Data listing section start

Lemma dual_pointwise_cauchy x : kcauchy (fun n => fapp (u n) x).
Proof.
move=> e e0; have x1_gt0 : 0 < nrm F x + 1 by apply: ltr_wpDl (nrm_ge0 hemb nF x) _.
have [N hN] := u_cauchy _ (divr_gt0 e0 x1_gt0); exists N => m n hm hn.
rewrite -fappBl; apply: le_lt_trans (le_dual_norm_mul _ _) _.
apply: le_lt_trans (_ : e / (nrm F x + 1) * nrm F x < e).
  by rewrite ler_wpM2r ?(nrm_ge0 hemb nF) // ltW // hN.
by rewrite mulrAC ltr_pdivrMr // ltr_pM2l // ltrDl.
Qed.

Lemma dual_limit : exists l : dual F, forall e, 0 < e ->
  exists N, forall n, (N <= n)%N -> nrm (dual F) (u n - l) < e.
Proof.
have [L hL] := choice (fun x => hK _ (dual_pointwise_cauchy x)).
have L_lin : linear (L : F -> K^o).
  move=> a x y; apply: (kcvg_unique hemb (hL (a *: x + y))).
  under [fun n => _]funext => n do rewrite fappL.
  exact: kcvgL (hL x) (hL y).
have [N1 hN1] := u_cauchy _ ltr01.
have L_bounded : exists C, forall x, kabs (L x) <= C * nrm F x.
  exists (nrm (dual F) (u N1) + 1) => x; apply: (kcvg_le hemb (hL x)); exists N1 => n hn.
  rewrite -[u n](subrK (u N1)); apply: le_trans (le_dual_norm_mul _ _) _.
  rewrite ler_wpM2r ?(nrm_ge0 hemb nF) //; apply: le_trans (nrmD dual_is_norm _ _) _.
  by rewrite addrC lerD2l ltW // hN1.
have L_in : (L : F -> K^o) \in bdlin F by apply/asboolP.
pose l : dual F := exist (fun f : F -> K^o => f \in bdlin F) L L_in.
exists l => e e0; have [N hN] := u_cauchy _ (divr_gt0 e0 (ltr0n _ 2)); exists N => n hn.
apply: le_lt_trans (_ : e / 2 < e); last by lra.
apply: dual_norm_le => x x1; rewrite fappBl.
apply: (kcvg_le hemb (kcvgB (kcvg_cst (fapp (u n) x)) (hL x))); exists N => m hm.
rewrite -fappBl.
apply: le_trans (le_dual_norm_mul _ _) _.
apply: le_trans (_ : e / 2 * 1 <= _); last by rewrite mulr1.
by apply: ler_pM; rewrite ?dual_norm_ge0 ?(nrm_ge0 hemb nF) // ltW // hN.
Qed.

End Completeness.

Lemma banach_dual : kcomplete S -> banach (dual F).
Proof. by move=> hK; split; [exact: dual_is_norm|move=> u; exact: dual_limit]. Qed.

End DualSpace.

Data listing section end

> _Instructions for the task_
Every entry is to be restated word for word.

> _Answer to the exercise_
Lemma dual_pointwise_cauchy x : kcauchy (fun n => fapp (u n) x).
Proof.
move=> e e0; have x1_gt0 : 0 < nrm F x + 1 by apply: ltr_wpDl (nrm_ge0 hemb nF x) _.
have [N hN] := u_cauchy _ (divr_gt0 e0 x1_gt0); exists N => m n hm hn.
rewrite -fappBl; apply: le_lt_trans (le_dual_norm_mul _ _) _.
apply: le_lt_trans (_ : e / (nrm F x + 1) * nrm F x < e).
  by rewrite ler_wpM2r ?(nrm_ge0 hemb nF) // ltW // hN.
by rewrite mulrAC ltr_pdivrMr // ltr_pM2l // ltrDl.
Qed.

Lemma dual_limit : exists l : dual F, forall e, 0 < e ->
  exists N, forall n, (N <= n)%N -> nrm (dual F) (u n - l) < e.
Proof.
have [L hL] := choice (fun x => hK _ (dual_pointwise_cauchy x)).
have L_lin : linear (L : F -> K^o).
  move=> a x y; apply: (kcvg_unique hemb (hL (a *: x + y))).
  under [fun n => _]funext => n do rewrite fappL.
  exact: kcvgL (hL x) (hL y).
have [N1 hN1] := u_cauchy _ ltr01.
have L_bounded : exists C, forall x, kabs (L x) <= C * nrm F x.
  exists (nrm (dual F) (u N1) + 1) => x; apply: (kcvg_le hemb (hL x)); exists N1 => n hn.
  rewrite -[u n](subrK (u N1)); apply: le_trans (le_dual_norm_mul _ _) _.
  rewrite ler_wpM2r ?(nrm_ge0 hemb nF) //; apply: le_trans (nrmD dual_is_norm _ _) _.
  by rewrite addrC lerD2l ltW // hN1.
have L_in : (L : F -> K^o) \in bdlin F by apply/asboolP.
pose l : dual F := exist (fun f : F -> K^o => f \in bdlin F) L L_in.
exists l => e e0; have [N hN] := u_cauchy _ (divr_gt0 e0 (ltr0n _ 2)); exists N => n hn.
apply: le_lt_trans (_ : e / 2 < e); last by lra.
apply: dual_norm_le => x x1; rewrite fappBl.
apply: (kcvg_le hemb (kcvgB (kcvg_cst (fapp (u n) x)) (hL x))); exists N => m hm.
rewrite -fappBl.
apply: le_trans (le_dual_norm_mul _ _) _.
apply: le_trans (_ : e / 2 * 1 <= _); last by rewrite mulr1.
by apply: ler_pM; rewrite ?dual_norm_ge0 ?(nrm_ge0 hemb nF) // ltW // hN.
Qed.

End Completeness.

Lemma banach_dual : kcomplete S -> banach (dual F).
Proof. by move=> hK; split; [exact: dual_is_norm|move=> u; exact: dual_limit]. Qed.

End DualSpace.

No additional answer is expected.